A não reeleição de António Vitorino para a liderança da Organização Internacional para as Migrações (OIM) deve servir de lição para a diplomacia portuguesa, defende António Martins da Cruz, antigo ministro dos Negócios Estrangeiros, em declarações à Renascença.
António Vitorino desistiu da corrida para a norte-americana Amy Pope, que até agora era "número 2" da OIM, após ter sido derrotado na primeira votação.
Em declarações à Renascença, António Martins da Cruz aponta diversas razões para este desfecho e lembra, por exemplo, que o último primeiro-ministro português a ser recebido na Casa Branca foi Durão Barroso, há 20 anos.
Deve servir de lição para a politica externa portuguesa, o antigo ministro dos Negócios Estrangeiros, e "é preciso acionar os canais de diálogo entre Portugal e os EUA ao mais alto nível”.
Por que é que António Vitorino falhou a reeleição para a liderança da Organização Internacional para as Migrações (OIM)?
A desistência do Dr. António Vitorino é uma consequência do resultado da primeira volta das eleições. É uma pena, para Portugal, para a projeção de Portugal no mundo, que o Dr. Vitorino não tenha conseguido renovar o seu mandato.
Mas porquê? António Vitorino tinha o apoio do Governo português. A norte-americana Amy Pope era uma candidata fortíssima, mas era número dois de António Vitorino na organização.
Era a número dois e os Estados Unidos mexeram-se. Os EUA são um contribuinte muito importante para esta organização. Aliás, a larguíssima maioria dos secretários-gerais foram sempre americanos, com duas exceções, e o Dr. Vitorino é uma delas.

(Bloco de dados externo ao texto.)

(* In the contention game with $n=3$ players and $k=2$ channels under acknowledgement-based feedback, the anonymous protocol $f^2$ (in every slot, regardless of history, a pending player transmits on channel 1 with probability $1/2$ and on channel 2 with probability $1/2$, and never stays idle) is an equilibrium protocol, and the expected latency of each player under it is $8/3$.
   Context: Contention game: $n$ players, channel set $K=\{1,\dots,k\}$, discrete time slots $t=1,2,\dots$. Each player has one packet; initially all players are pending. In each slot a pending player chooses (possibly at random) an action in $A=\{0,1,\dots,k\}$, where $0$ means no transmission and $a\in K$ means transmitting on channel $a$. If exactly one player transmits on a channel in a slot, her transmission succeeds and she leaves the game; if two or more transmit on the same channel they collide, all fail and remain pending. $X_{i,t}$ is player $i$'s action at slot $t$ and $h_{i,t}=(X_{i,1},\dots,X_{i,t})$ her personal history. A protocol for player $i$ is a sequence of decision rules, the rule for slot $t$ mapping the information available to $i$ to a probability distribution on $A$. The latency $T_i$ of player $i$ is the slot in which she transmits successfully; each player wants to minimize her expected latency. Acknowledgement-based feedback: after a slot, only a player who attempted transmission learns whether she succeeded; decision rules depend only on the personal history $h_{i,t-1}$. A profile $(f_1,\dots,f_n)$ is an equilibrium if for every player $i$, every slot $t$ and every history, player $i$ cannot decrease her expected latency (conditional on that history) by unilaterally deviating to another protocol from $t$ on. An anonymous protocol is one used by all players whose decision rules do not depend on the player's identity; it is an equilibrium protocol if the profile in which all players use it is an equilibrium. *)

From HB Require Import structures.
From mathcomp Require Import all_boot all_order all_algebra.
From mathcomp Require Import all_classical all_reals.
From mathcomp Require Import ereal sequences.
Set Implicit Arguments. Unset Strict Implicit. Unset Printing Implicit Defensive.
Import Order.TTheory GRing.Theory Num.Theory.
Local Open Scope ring_scope.

(* Actions A = 'I_k.+1 : 0 = no transmission, a >= 1 = transmit on channel a.
   Slots are 1,2,3,...; a finite sequence w of joint action profiles
   (w_0, w_1, ...) lists the actions in slots 1, 2, ....                *)

Section Contention.
Variables (R : realType) (n k : nat).

Definition action := 'I_k.+1.
Definition jprof := {ffun 'I_n -> action}.

(* A decision rule sequence (protocol) under acknowledgement-based feedback:
   maps the personal history h_{i,t-1} (a seq of own actions, whose length
   t-1 determines the slot t) to a probability distribution on actions. *)
Definition behavior := seq action -> action -> R.

Definition is_protocol (b : behavior) : Prop :=
  forall hist, (forall a, 0 <= b hist a) /\ \sum_(a : action) b hist a = 1.

Definition succ (pend : 'I_n -> bool) (x : jprof) (j : 'I_n) : bool :=
  [&& pend j, x j != ord0 &
      [forall j' : 'I_n, (j' != j) ==> ~~ (pend j' && (x j' == x j))]].

Definition step (pend : 'I_n -> bool) (x : jprof) : 'I_n -> bool :=
  fun j => pend j && ~~ succ pend x j.

Definition pendAfter (w : seq jprof) : 'I_n -> bool :=
  foldl step (fun _ => true) w.

Definition phist (w : seq jprof) (j : 'I_n) : seq action := [seq (x : jprof) j | x <- w].

Definition slot_weight (F : 'I_n -> behavior) (pre : seq jprof) (x : jprof) : R :=
  \prod_(j < n) (if pendAfter pre j then F j (phist pre j) (x j)
                 else (x j == ord0)%:R).

Definition x0 : jprof := [ffun => ord0].

Definition prob (F : 'I_n -> behavior) (w : seq jprof) : R :=
  \prod_(u < size w) slot_weight F (take u w) (nth x0 w u).

Definition probEv (F : 'I_n -> behavior) (N : nat) (E : seq jprof -> bool) : R :=
  \sum_(w : N.-tuple jprof) prob F w * (E w)%:R.

(* P(T_i > s) = P(i still pending after slots 1..s) *)
Definition tailP (F : 'I_n -> behavior) (i : 'I_n) (s : nat) : R :=
  probEv F s (fun w => pendAfter w i).

(* expected latency E[T_i] = sum_{s >= 0} P(T_i > s), in the extended reals *)
Definition expected_latency (F : 'I_n -> behavior) (i : 'I_n) : \bar R :=
  (\sum_(0 <= s <oo) (tailP F i s)%:E)%E.

(* expected latency of i conditional on the event H = "i is still pending at
   the start of slot m+1" (m = length of i's personal history):
   E[T_i | H] = sum_{s >= 0} P(T_i > s /\ H) / P(H). *)
Definition cond_latency (F : 'I_n -> behavior) (i : 'I_n) (m : nat) : \bar R :=
  (\sum_(0 <= s <oo)
     ((probEv F (maxn s m)
         (fun w => pendAfter (take s w) i && pendAfter (take m w) i)
       / probEv F m (fun w => pendAfter w i))%:E))%E.

Definition deviate (F : 'I_n -> behavior) (i : 'I_n) (b : behavior) : 'I_n -> behavior :=
  fun j => if j == i then b else F j.

(* player i's past actions are fixed to the personal history h; from slot
   (size h).+1 on she follows the protocol g *)
Definition prefixed (h : seq action) (g : behavior) : behavior :=
  fun hist => if (size hist < size h)%N then (fun a => (a == nth ord0 h (size hist))%:R)
              else g hist.

(* equilibrium: for every player i, every slot t = (size h).+1 and every
   personal history h, no protocol g used from t on decreases i's expected
   latency conditional on that history *)
Definition equilibrium (F : 'I_n -> behavior) : Prop :=
  forall (i : 'I_n) (h : seq action) (g : behavior), is_protocol g ->
    (cond_latency (deviate F i (prefixed h (F i))) i (size h)
     <= cond_latency (deviate F i (prefixed h g)) i (size h))%E.

Definition equilibrium_protocol (f : behavior) : Prop :=
  equilibrium (fun _ => f).

End Contention.

Definition f2 (R : realType) : behavior R 2 :=
  fun _ a => if a == ord0 then 0 else 2^-1.

From HB Require Import structures.
From mathcomp Require Import all_boot all_order all_algebra.
From mathcomp Require Import all_classical all_reals.
From mathcomp Require Import ereal sequences topology normedtype.
From mathcomp Require Import ring lra.
Import Order.TTheory GRing.Theory Num.Theory.
Local Open Scope ring_scope.
Set Implicit Arguments. Unset Strict Implicit. Unset Printing Implicit Defensive.

(* Fix a player i facing two opponents who play f2, and let Phi(pend) be the expected
   remaining latency of i when all pending players use f2: 1, 2 or 8/3 when one, two or
   three players are pending, and 0 once i has left.  A finite check over the joint actions
   of a slot shows that, whatever distribution i uses in it, the expected value of Phi after
   the slot is at least Phi - 1, with equality when i does not stay idle.  Summing over the
   slots m < s <= N, the drop of E[Phi] is at most the sum of the P(T_i > s), with equality
   for f2; as Phi <= 8/3 on the event T_i > N, the expected latency of i conditional on her
   first m actions is at least m + E[Phi after m slots] / P(T_i > m) under any deviation,
   and equal to it under f2.  Both deviations share this value, since it only depends on the
   first m slots.  For m = 0 it is Phi(all pending) = 8/3. *)

Section Trajectories.
Variables (R : realType) (n k : nat).
Implicit Types (F : 'I_n -> behavior R k) (w : seq (jprof n k)) (x : jprof n k).
Implicit Types (phi psi : seq (jprof n k) -> R) (b g : behavior R k) (h : seq (action k)).

Definition expectation F N (phi : seq (jprof n k) -> R) : R :=
  \sum_(t : N.-tuple (jprof n k)) prob F t * phi t.

Lemma prob_rcons F w x : prob F (rcons w x) = prob F w * slot_weight F w x.
Proof.
rewrite /prob size_rcons big_ord_recr /= -cats1 takel_cat // take_size.
rewrite nth_cat ltnn subnn; congr (_ * _); apply: eq_bigr => u _.
by rewrite takel_cat 1?ltnW // nth_cat ltn_ord.
Qed.

Lemma sum_tuple_rcons (T : finType) (V : nmodType) N (f : seq T -> V) :
  \sum_(t : N.+1.-tuple T) f t = \sum_(t : N.-tuple T) \sum_(y : T) f (rcons t y).
Proof.
rewrite pair_big (reindex (fun p : N.-tuple T * T => [tuple of rcons p.1 p.2])) //.
exists (fun t : N.+1.-tuple T =>
          ([tuple of belast (thead t) (behead_tuple t)], last (thead t) (behead t))).
  move=> [[[|y s] /= ?] z] _; rewrite /= ?belast_rcons ?last_rcons; congr (_, _).
  - exact: val_inj.
  - by apply: val_inj; rewrite /= belast_rcons.
by move=> t _; apply: val_inj; rewrite /= -lastI (tuple_eta t).
Qed.
(* Let $\Omega\subset\mathbb R^d$ be a bounded Borel set, $f:\Omega\to[0,\infty)$ bounded with $\int_\Omega f=1$, $p\ge1$, $x_1,x_2\in\Omega$, and $h_1,h_2:[0,1]\to[0,\infty)$ non-decreasing and Lipschitz continuous. Let $(\rho_j)_{j\ge1}$ be a sequence in $(0,1)$ with $\rho_j\to1$ and $\sum_{j\ge1}(1-\rho_j)=+\infty$. For any Borel $\psi_0:\Omega\to[0,1]$ define recursively: $m_j=\int_\Omega(1-\psi_j)f\,dx$, $t_{j+1}=h_2(1-m_j)-h_1(m_j)$, and $$\psi_{j+1}(x)=\begin{cases}\rho_j\,\psi_j(x)&\text{if }\tau(x)<t_{j+1},\\ 1-\rho_j(1-\psi_j(x))&\text{otherwise.}\end{cases}$$ Then $\psi_j\to\bar\psi$ uniformly on every compact subset of $\Omega\setminus\{\tau=\bar t\}$.
   Context: $\tau(x)=|x-x_1|^p-|x-x_2|^p$, $m(t)=\int_{\{x\in\Omega:\tau(x)<t\}}f\,dx$, $G(t)=h_2(1-m(t))-h_1(m(t))$. There is a unique $\bar t$ with $G(\bar t)=\bar t$, and $\bar\psi(x)=0$ if $\tau(x)<\bar t$, $\bar\psi(x)=1$ if $\tau(x)>\bar t$ (the unique equilibrium). *)

From HB Require Import structures.
From mathcomp Require Import all_boot all_order all_algebra.
From mathcomp Require Import all_classical all_reals all_analysis.
Set Implicit Arguments. Unset Strict Implicit. Unset Printing Implicit Defensive.
Import Order.TTheory GRing.Theory Num.Theory.
Import numFieldNormedType.Exports.
Local Open Scope classical_set_scope.
Local Open Scope ring_scope.

(* R^d is modelled as row vectors 'rV[R]_d (with the product = Euclidean
   topology); Rd R d is the same carrier equipped with the Borel sigma-algebra
   (the sigma-algebra generated by the open sets). *)
Definition Rd (R : realType) (d : nat) :=
  g_sigma_algebraType (@open 'rV[R]_d).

Isto também significa que, por um lado, não houve um apoio sólido da parte dos 27 países da União Europeia e, por outro, falharam igualmente apoios do chamado “Sul global”. Ou seja, apesar do antigo ministro dos Negócios Estrangeiros angolano – o senhor Chicoti - ter garantido o apoio dos países do Sul, dos países da África, Caraíbas e Pacífico... não se conseguiu esse voto.

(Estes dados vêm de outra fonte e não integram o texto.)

Lemma sumR_le_range f a b : (forall i, (i < b)%nat -> 0 <= f i) -> (a <= b)%nat ->
  sumR f a <= sumR f b.
Proof.
  intros H Hab. replace b with (a + (b - a))%nat by lia. rewrite sumR_split.
  assert (0 <= sumR (fun j => f (a + j)%nat) (b - a)) by (apply sumR_nonneg; intros; apply H; lia).
  lra.
Qed.

Lemma sumR_ge_term f n i : (forall j, (j < n)%nat -> 0 <= f j) -> (i < n)%nat -> f i <= sumR f n.
Proof.
  intros H Hi. apply Rle_trans with (sumR f (S i)).
  - simpl. assert (0 <= sumR f i) by (apply sumR_nonneg; intros; apply H; lia). lra.
  - apply sumR_le_range; [exact H | lia].
Qed.

Definition ind (A : Prop) : R := if excluded_middle_informative A then 1 else 0.

Lemma ind_nonneg A : 0 <= ind A.
Proof. unfold ind; destruct excluded_middle_informative; lra. Qed.

Lemma ind_true (A : Prop) : A -> ind A = 1.
Proof. unfold ind; destruct excluded_middle_informative; tauto. Qed.

Lemma ind_false (A : Prop) : ~ A -> ind A = 0.
Proof. unfold ind; destruct excluded_middle_informative; tauto. Qed.

Lemma ind_le_sumR (A : Prop) (B : nat -> Prop) n :
  (A -> exists i, (i < n)%nat /\ B i) -> ind A <= sumR (fun i => ind (B i)) n.
Proof.
  intros H. destruct (excluded_middle_informative A) as [HA|HA].
  - destruct (H HA) as [i [Hi HB]]. rewrite ind_true by exact HA.
    rewrite <- (ind_true _ HB). apply (sumR_ge_term (fun j => ind (B j))); [intros; apply ind_nonneg | exact Hi].
  - rewrite ind_false by exact HA. apply sumR_nonneg; intros; apply ind_nonneg.
Qed.

Lemma sumR_ind_le1 (B : nat -> Prop) n :
  (forall i j, B i -> B j -> i = j) -> sumR (fun i => ind (B i)) n <= 1.
Proof.
  intros Huniq. induction n as [|n IH]; simpl; [lra|].
  destruct (excluded_middle_informative (B n)) as [Hn|Hn].
  - rewrite ind_true by exact Hn.
    rewrite sumR_zero; [lra|].
    intros i Hi. apply ind_false. intros Bi. specialize (Huniq i n Bi Hn). lia.
  - rewrite ind_false by exact Hn. lra.
Qed.

Lemma sumR_ind_In_le_length (g : nat -> nat) (l : list nat) n :
  (forall i j, g i = g j -> i = j) ->
  sumR (fun i => ind (In (g i) l)) n <= INR (length l).
Proof.
  intros Hg. induction l as [|a l IH]; cbn [In length].
  - rewrite sumR_zero; [simpl; lra|]. intros; apply ind_false; auto.
  - rewrite S_INR.
    apply Rle_trans with (sumR (fun i => ind (g i = a) + ind (In (g i) l)) n).
    + apply sumR_le; intros i _. unfold ind.
      repeat destruct excluded_middle_informative; try lra; exfalso; intuition congruence.
    + rewrite sumR_plus.
      assert (sumR (fun i => ind (g i = a)) n <= 1)
        by (apply sumR_ind_le1; intros i j Hi Hj; apply Hg; congruence).
      lra.
Qed.

Lemma count_upto_sumR P N : INR (count_upto P N) = sumR (fun i => ind (P (S i))) N.
Proof.
  induction N as [|N IH]; simpl; [reflexivity|].
  rewrite plus_INR, IH. unfold ind. destruct excluded_middle_informative; simpl; lra.
Qed.

Lemma count_upto_S P N :
  INR (count_upto P (S N)) = INR (count_upto P N) + ind (P (S N)).
Proof. rewrite !count_upto_sumR. reflexivity. Qed.

Lemma sumR_by_parts P (f : nat -> R) M :
  sumR (fun i => ind (P (S i)) * f (S i)) M =
  INR (count_upto P M) * f (S M)
  + sumR (fun i => INR (count_upto P (S i)) * (f (S i) - f (S (S i)))) M.
Proof.
  induction M as [|M IH]; cbn [sumR]; [simpl; lra|].
  rewrite IH, count_upto_S. ring.
Qed.

Lemma ln_le x y : 0 < x -> x <= y -> ln x <= ln y.
Proof. intros Hx [H|<-]; [left; now apply ln_increasing | lra]. Qed.

Lemma ln_pos x : 1 < x -> 0 < ln x.
Proof. intros H. rewrite <- ln_1. apply ln_increasing; lra. Qed.

Lemma exp_le x y : x <= y -> exp x <= exp y.
Proof. intros [H|<-]; [left; now apply exp_increasing | lra]. Qed.

Definition Kpow (g : R) : R := Rpower 4 (Rabs g).

Lemma Kpow_pos g : 0 < Kpow g.
Proof. apply exp_pos. Qed.

Lemma Rpower_ln_comparable g x y : 1 < y -> y <= x -> x <= y ^ 4 ->
  Rpower (ln x) g <= Kpow g * Rpower (ln y) g /\
  Rpower (ln y) g <= Kpow g * Rpower (ln x) g.
Proof.
  intros Hy Hyx Hxy.
  assert (Hly : 0 < ln y) by now apply ln_pos.
  assert (Hlyx : ln y <= ln x) by (apply ln_le; lra).
  assert (Hlxy : ln x <= 4 * ln y).
  { replace (4 * ln y) with (ln (y ^ 4)) by (rewrite ln_pow by lra; simpl; ring).
    apply ln_le; lra. }
  assert (Hl4 : 0 < ln 4) by (apply ln_pos; lra).
  assert (Hu0 : ln (ln y) <= ln (ln x)) by (apply ln_le; lra).
  assert (Hu4 : ln (ln x) <= ln 4 + ln (ln y)).
  { rewrite <- ln_mult by lra. apply ln_le; lra. }
  unfold Kpow, Rpower. rewrite <- !exp_plus.
  split; apply exp_le; destruct (Rle_dec 0 g);
    [rewrite Rabs_right | rewrite Rabs_left | rewrite Rabs_right | rewrite Rabs_left];
    nra.
Qed.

Percebe-se bem a força da candidata norte-americana, mas o normal seria, se calhar, que os Estados Unidos viabilizassem um segundo mandato de António Vitorino. O normal seria cumprir os dois mandatos.

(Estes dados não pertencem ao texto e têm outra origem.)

(* Let $A$ be a complex vector space of dimension $n\ge2$, let $h$ be a symmetric bilinear form on $A$, let $c\in A$ with $h(\cdot,c)\ne0$, and define $x*y=h(x,c)y+h(x,y)c$. If $h(c,c)\neq0$, then $(A,* )$ is isomorphic to $A^1_{(3)}$ or to $A^{(k),2}_{(3)}$ for some $k\in\{0,\dots,n-2\}$. If $h(c,c)=0$, then $(A,* )$ is isomorphic to $A^{(k),3}_{(3)}$ for some $k\in\{0,\dots,n-2\}$.
   Context: All algebras have basis $e_1,\dots,e_n$ and only the listed products of basis vectors are nonzero. $A^1_{(3)}$: $e_1e_1=2e_1$, $e_1e_j=e_j$, $e_je_j=e_1$ ($j=2,\dots,n$). $A^{(k),2}_{(3)}$ ($0\le k\le n-2$): $e_1e_1=2e_1$, $e_1e_j=e_j$ ($j=2,\dots,n$), $e_le_l=e_1$ ($l=3,\dots,k+2$). $A^{(k),3}_{(3)}$ ($0\le k\le n-2$): $e_1e_2=e_1$, $e_2e_1=2e_1$, $e_2e_2=e_2$, $e_2e_j=e_j$ ($j=3,\dots,n$), $e_le_l=e_1$ ($l=3,\dots,k+2$). *)

From HB Require Import structures.
From mathcomp Require Import all_boot all_order all_algebra.
From mathcomp Require Import complex.
From mathcomp Require Import reals.
Set Implicit Arguments. Unset Strict Implicit. Unset Printing Implicit Defensive.
Import Order.TTheory GRing.Theory Num.Theory.
Local Open Scope ring_scope.

(* Complex numbers: C = R[i] for R : realType (R is the real numbers up to iso).
   Vector space of dimension n: 'rV[C]_n; basis e_1..e_n of the paper is
   e 0 .. e (n-1) here (paper index m <-> ordinal m-1). *)

Section Algs.
Variable (K : comRingType) (n : nat).

Definition e (i : 'I_n) : 'rV[K]_n := delta_mx 0 i.

Definition mult_of (T : 'I_n -> 'I_n -> 'rV[K]_n) (x y : 'rV[K]_n) : 'rV[K]_n :=
  \sum_(i < n) \sum_(j < n) (x 0 i * y 0 j) *: T i j.

(* A^1_(3): e1e1=2e1, e1ej=ej, ejej=e1 (j>=2) *)
Definition A1_table (i j : 'I_n) : 'rV[K]_n :=
  if (val i == 0%N) && (val j == 0%N) then 2%:R *: e i
  else if (val i == 0%N) then e j
  else if i == j then (\sum_(l < n | val l == 0%N) e l)
  else 0.

(* A^{(k),2}_(3): e1e1=2e1, e1ej=ej (j>=2), elel=e1 (l=3..k+2) *)
Definition A2_table (k : nat) (i j : 'I_n) : 'rV[K]_n :=
  if (val i == 0%N) && (val j == 0%N) then 2%:R *: e i
  else if (val i == 0%N) then e j
  else if (i == j) && (2 <= val i <= k.+1)%N then (\sum_(l < n | val l == 0%N) e l)
  else 0.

É verdade. Nas Nações Unidas, e eu estive seis anos em Genebra, nas Nações Unidas, é normal quando o primeiro mandato corre bem que exista uma reeleição.
Significa isso que o mandato de António Vitorino terá corrido mal de alguma forma?
Não. Eu acho que correu bem. O Dr. Vitorino, aliás, foi muito ativo, sobretudo agora na última fase, devido aos refugiados e às imigrações provocadas pelo conflito na Ucrânia. Mas, aqui, o que apareceu foi a força dos Estados Unidos.
O que eu lamento, o que eu penso que faltou aqui foi um diálogo prévio entre Lisboa e Washington. Esta “não vitória” do Dr. Vitorino é uma lição que nós devemos tirar para a política externa portuguesa. É preciso melhorar os canais de diálogo entre Lisboa e Washington.
Por alguma razão o chefe de Governo espanhol, o Sr. Sanches, esteve em Washington na semana passada. O último primeiro-ministro [português] que esteve em Washington foi em 2003, o Dr. Durão Barroso. Há 20 anos que não vai um primeiro-ministro português a Washington.
Isto não é nenhuma crítica, é simplesmente um relembrar que é preciso acionar os canais diplomáticos entre Portugal e os Estados Unidos ao mais alto nível.